Start of Entries shown

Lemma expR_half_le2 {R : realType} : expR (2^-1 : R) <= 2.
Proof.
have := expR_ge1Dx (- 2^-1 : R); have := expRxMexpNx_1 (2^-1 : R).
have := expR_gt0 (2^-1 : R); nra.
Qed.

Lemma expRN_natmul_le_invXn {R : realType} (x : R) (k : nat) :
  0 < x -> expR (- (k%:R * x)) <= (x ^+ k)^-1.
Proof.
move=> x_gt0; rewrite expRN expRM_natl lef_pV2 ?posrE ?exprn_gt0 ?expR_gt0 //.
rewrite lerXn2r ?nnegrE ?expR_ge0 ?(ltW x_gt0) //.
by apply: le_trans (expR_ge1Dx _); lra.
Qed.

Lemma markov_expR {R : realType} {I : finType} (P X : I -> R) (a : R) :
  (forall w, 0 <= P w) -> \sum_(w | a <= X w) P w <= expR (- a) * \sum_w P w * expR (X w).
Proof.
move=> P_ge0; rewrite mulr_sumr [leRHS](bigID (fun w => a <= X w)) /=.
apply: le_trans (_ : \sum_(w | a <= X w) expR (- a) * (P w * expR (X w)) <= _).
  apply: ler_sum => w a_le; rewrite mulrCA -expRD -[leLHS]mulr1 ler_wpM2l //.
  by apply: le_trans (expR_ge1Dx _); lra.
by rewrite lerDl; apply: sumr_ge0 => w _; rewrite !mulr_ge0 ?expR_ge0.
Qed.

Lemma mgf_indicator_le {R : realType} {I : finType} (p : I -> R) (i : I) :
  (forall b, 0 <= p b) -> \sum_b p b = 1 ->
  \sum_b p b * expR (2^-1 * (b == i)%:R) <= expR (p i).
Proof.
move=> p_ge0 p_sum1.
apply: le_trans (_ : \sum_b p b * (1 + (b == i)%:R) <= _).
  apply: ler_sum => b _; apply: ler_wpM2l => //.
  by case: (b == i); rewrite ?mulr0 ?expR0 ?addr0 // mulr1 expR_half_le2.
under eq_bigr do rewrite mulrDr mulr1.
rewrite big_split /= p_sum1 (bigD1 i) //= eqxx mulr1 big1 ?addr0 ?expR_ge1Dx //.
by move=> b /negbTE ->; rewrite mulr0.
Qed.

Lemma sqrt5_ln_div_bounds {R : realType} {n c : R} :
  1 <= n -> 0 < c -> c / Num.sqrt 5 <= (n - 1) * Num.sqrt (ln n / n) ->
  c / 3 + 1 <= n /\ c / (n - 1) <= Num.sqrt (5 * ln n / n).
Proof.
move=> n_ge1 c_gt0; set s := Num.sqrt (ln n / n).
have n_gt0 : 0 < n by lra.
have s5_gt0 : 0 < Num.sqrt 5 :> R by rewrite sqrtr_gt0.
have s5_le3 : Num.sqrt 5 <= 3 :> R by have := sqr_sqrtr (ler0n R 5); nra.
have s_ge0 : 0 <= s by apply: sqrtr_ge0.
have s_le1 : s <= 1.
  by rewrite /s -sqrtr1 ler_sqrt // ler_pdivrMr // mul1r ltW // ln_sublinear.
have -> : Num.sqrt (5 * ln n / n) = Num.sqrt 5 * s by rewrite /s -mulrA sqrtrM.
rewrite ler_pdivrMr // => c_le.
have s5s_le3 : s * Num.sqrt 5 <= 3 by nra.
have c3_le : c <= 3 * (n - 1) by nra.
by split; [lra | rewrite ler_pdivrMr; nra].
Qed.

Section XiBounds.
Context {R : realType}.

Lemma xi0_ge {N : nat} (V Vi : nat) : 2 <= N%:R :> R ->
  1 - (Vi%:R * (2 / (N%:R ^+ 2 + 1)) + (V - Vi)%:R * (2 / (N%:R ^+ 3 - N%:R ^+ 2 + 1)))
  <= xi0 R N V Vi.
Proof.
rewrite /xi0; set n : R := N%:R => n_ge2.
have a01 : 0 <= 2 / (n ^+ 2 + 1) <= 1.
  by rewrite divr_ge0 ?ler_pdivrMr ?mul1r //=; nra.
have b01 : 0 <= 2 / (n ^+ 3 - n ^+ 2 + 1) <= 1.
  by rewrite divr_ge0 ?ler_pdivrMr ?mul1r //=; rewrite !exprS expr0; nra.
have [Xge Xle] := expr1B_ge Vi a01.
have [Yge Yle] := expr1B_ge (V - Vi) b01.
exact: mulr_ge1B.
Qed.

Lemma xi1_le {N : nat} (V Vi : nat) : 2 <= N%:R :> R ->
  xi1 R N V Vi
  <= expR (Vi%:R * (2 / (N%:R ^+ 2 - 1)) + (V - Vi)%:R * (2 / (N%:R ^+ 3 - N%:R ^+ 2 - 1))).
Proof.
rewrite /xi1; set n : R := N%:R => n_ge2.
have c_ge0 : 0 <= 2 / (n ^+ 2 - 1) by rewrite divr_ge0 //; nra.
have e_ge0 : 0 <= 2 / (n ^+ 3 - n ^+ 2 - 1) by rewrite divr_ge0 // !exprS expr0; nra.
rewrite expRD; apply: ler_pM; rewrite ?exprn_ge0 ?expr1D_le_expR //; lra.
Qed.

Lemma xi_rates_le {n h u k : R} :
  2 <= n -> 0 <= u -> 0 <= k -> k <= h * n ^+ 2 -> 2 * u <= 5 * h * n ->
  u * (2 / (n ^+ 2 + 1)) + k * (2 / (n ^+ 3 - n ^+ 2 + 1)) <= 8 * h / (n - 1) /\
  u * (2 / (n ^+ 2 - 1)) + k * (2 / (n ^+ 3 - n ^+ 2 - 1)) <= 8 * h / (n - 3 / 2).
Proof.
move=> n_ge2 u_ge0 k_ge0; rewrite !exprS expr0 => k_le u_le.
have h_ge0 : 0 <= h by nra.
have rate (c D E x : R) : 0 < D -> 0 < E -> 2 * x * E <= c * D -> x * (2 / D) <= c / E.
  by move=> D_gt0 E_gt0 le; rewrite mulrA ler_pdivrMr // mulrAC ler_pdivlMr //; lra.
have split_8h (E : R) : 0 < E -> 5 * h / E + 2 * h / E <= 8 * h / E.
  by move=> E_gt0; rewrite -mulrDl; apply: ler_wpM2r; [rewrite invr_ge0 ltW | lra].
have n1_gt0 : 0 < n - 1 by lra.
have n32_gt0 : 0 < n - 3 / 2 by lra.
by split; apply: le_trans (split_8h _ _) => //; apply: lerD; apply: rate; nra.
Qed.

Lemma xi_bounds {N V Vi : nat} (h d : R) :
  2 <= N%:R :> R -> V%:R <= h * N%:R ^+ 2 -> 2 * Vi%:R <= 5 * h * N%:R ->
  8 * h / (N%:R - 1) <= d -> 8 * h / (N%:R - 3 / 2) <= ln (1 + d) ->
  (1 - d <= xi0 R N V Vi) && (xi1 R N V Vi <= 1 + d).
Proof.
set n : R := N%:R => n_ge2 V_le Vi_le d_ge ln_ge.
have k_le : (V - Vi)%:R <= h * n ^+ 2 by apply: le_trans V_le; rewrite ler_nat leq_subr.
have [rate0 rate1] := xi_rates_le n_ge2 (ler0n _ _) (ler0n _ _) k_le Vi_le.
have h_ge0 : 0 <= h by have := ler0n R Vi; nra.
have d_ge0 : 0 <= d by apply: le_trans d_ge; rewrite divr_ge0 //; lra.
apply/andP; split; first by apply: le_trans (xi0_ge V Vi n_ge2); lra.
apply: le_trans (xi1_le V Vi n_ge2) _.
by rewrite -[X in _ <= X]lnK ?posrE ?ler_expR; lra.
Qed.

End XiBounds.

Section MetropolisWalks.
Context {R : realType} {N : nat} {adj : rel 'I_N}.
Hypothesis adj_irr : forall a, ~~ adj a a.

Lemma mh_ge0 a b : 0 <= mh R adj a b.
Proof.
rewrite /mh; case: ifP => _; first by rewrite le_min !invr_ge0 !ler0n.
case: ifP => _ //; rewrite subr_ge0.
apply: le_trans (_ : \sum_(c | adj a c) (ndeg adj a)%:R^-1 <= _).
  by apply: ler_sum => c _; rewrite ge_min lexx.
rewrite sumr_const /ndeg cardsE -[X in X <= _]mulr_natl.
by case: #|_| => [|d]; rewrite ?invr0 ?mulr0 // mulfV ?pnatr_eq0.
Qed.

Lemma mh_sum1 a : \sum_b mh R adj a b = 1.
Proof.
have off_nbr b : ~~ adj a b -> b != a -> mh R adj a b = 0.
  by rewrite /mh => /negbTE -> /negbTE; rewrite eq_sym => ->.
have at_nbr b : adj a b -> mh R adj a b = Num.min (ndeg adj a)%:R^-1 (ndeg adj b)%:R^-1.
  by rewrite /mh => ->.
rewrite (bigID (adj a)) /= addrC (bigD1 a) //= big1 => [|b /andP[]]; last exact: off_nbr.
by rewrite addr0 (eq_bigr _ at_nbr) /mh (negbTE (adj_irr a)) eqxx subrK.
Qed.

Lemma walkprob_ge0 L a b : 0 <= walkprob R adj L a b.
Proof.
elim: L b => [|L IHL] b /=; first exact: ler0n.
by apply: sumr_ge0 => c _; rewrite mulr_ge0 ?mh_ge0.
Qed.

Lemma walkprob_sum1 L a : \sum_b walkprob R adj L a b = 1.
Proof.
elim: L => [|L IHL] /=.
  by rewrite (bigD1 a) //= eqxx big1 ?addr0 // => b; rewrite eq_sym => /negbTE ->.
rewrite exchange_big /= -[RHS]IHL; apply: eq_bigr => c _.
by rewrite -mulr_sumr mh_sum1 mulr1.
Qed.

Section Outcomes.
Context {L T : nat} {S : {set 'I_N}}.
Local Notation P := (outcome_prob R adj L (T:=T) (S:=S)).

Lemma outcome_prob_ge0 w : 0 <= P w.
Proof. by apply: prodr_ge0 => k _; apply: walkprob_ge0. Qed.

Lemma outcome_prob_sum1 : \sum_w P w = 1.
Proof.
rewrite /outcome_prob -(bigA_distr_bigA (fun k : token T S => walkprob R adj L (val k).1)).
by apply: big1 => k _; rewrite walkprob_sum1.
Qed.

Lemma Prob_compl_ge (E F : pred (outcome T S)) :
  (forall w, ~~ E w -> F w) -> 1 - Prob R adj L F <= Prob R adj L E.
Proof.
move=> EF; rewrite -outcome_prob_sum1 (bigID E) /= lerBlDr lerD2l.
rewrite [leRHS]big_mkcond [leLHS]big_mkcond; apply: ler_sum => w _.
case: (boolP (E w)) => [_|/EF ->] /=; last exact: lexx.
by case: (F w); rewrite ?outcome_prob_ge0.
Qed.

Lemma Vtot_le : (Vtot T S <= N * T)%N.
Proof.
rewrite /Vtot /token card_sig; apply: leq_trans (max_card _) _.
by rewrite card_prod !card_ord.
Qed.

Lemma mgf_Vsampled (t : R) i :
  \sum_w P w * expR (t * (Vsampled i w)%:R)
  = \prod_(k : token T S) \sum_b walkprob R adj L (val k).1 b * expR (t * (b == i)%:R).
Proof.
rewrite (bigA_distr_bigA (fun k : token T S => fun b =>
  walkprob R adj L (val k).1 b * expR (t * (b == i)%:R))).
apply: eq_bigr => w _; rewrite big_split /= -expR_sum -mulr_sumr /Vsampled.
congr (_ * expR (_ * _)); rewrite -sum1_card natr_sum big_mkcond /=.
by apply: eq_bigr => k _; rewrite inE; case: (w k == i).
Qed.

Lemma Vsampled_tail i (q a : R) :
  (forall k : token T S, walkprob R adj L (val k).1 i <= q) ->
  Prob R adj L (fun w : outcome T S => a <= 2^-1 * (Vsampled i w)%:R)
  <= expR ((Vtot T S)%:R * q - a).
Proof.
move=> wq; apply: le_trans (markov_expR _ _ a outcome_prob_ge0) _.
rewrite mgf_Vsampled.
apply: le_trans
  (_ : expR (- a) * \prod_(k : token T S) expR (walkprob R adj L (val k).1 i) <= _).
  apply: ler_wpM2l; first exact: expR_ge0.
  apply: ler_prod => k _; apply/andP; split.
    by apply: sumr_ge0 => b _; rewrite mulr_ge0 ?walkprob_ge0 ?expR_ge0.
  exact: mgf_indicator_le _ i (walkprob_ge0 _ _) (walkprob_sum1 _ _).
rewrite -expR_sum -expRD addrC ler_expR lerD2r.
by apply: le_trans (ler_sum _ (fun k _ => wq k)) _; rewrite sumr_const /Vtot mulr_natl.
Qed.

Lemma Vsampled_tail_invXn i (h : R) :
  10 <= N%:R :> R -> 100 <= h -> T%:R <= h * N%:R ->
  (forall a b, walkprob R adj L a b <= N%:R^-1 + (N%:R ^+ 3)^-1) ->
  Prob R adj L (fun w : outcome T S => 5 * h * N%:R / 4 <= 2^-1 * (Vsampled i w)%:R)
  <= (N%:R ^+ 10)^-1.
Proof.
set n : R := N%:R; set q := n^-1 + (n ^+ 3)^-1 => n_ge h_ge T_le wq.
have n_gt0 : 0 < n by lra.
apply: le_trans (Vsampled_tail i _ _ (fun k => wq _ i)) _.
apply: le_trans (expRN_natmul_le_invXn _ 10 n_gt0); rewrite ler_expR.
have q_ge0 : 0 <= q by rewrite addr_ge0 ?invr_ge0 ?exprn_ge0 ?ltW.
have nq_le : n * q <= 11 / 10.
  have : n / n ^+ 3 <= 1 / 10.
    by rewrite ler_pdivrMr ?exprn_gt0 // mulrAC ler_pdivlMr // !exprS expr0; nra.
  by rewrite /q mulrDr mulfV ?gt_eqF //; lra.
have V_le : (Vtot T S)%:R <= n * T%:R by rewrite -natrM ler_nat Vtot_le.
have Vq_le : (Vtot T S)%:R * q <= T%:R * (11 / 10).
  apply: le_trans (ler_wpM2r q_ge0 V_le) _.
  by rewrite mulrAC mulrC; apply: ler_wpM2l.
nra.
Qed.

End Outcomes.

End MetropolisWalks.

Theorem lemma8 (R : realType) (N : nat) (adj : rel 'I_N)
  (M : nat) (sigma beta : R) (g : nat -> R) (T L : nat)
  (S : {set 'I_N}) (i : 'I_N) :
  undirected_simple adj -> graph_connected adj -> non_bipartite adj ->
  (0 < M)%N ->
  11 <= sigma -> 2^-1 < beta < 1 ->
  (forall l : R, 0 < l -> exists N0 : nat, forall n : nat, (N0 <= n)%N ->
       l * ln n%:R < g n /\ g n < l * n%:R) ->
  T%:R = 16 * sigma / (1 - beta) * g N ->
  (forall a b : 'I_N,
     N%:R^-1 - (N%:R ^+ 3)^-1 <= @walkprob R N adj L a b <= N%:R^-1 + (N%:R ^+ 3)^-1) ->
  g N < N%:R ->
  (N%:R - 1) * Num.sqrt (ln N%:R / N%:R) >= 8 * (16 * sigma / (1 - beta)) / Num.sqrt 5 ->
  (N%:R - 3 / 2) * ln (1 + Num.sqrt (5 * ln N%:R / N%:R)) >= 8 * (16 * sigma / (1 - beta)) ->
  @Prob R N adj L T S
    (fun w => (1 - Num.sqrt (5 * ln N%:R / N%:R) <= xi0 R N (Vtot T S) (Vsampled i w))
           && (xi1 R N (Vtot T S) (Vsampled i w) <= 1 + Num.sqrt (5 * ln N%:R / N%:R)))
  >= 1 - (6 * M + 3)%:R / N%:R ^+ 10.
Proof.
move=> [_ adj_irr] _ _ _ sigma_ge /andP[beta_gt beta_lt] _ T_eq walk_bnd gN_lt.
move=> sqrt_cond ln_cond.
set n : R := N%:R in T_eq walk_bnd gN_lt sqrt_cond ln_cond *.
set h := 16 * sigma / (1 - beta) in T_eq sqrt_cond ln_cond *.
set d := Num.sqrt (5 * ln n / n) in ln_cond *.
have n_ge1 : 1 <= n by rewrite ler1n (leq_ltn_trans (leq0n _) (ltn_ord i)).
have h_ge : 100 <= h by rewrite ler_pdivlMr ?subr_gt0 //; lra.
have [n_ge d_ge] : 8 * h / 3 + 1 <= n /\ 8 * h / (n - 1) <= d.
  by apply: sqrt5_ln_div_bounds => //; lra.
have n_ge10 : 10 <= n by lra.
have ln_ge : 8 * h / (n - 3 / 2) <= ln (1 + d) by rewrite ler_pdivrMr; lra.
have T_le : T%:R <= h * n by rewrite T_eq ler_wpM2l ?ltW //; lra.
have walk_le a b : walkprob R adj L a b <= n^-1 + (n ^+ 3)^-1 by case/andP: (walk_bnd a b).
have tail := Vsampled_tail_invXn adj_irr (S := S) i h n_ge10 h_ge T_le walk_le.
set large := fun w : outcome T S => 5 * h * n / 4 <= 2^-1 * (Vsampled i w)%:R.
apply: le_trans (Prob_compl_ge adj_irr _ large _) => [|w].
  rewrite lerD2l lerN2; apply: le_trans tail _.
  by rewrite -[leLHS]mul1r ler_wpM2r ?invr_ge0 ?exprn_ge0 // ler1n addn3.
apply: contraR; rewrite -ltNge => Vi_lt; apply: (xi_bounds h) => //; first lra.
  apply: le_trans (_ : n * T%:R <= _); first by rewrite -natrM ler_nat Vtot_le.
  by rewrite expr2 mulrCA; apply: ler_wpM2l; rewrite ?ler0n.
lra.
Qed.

End of Entries shown

◆ Exercise objective ◆
Search the preceding listing for "leLHS" and extract every line where it is found.

◆ Reply ◆
  apply: ler_sum => w a_le; rewrite mulrCA -expRD -[leLHS]mulr1 ler_wpM2l //.
rewrite [leRHS]big_mkcond [leLHS]big_mkcond; apply: ler_sum => w _.
  by rewrite -[leLHS]mul1r ler_wpM2r ?invr_ge0 ?exprn_ge0 // ler1n addn3.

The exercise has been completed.